(Records to use Opens)

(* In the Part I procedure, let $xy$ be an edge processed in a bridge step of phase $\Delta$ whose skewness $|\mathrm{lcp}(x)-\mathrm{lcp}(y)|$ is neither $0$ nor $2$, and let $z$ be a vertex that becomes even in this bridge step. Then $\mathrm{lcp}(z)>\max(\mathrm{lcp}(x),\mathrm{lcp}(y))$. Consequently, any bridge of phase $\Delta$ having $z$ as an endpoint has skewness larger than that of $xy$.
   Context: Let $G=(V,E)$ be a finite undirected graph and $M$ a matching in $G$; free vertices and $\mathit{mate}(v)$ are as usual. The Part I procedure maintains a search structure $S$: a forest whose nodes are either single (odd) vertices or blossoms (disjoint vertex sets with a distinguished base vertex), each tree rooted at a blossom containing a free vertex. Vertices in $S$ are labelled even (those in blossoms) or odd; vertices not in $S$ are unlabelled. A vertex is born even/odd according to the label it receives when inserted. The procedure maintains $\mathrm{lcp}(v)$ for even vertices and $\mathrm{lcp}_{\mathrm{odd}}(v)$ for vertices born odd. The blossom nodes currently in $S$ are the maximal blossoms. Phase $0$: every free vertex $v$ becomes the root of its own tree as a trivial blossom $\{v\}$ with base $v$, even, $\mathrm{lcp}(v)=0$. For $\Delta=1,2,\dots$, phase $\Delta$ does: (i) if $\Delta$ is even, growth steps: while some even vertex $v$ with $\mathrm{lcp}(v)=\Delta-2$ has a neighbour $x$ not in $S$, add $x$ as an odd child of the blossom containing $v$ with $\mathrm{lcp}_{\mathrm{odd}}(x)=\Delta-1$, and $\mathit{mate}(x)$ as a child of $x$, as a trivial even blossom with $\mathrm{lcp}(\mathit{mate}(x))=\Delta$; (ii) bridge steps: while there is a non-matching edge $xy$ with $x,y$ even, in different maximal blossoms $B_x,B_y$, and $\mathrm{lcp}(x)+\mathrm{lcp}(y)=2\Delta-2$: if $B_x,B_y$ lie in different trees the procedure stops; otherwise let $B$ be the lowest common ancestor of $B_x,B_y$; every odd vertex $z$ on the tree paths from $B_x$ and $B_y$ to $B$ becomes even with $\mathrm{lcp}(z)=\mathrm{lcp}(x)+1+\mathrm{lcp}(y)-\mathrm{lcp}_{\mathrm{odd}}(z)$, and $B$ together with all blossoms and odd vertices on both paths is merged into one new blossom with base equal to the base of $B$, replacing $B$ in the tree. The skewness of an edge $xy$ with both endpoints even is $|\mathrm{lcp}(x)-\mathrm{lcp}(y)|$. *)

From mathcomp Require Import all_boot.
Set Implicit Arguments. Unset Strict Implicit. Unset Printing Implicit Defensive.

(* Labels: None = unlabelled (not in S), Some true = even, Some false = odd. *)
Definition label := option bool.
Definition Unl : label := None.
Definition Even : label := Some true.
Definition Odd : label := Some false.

(Records to use Closes)

Problem: Please quote nothing but the lines from the line with "From mathcomp Require Import all_boot." through the end of the data above, exactly as written, ends included.

Response area:
From mathcomp Require Import all_boot.
Set Implicit Arguments. Unset Strict Implicit. Unset Printing Implicit Defensive.

(* Labels: None = unlabelled (not in S), Some true = even, Some false = odd. *)
Definition label := option bool.
Definition Unl : label := None.
Definition Even : label := Some true.
Definition Odd : label := Some false.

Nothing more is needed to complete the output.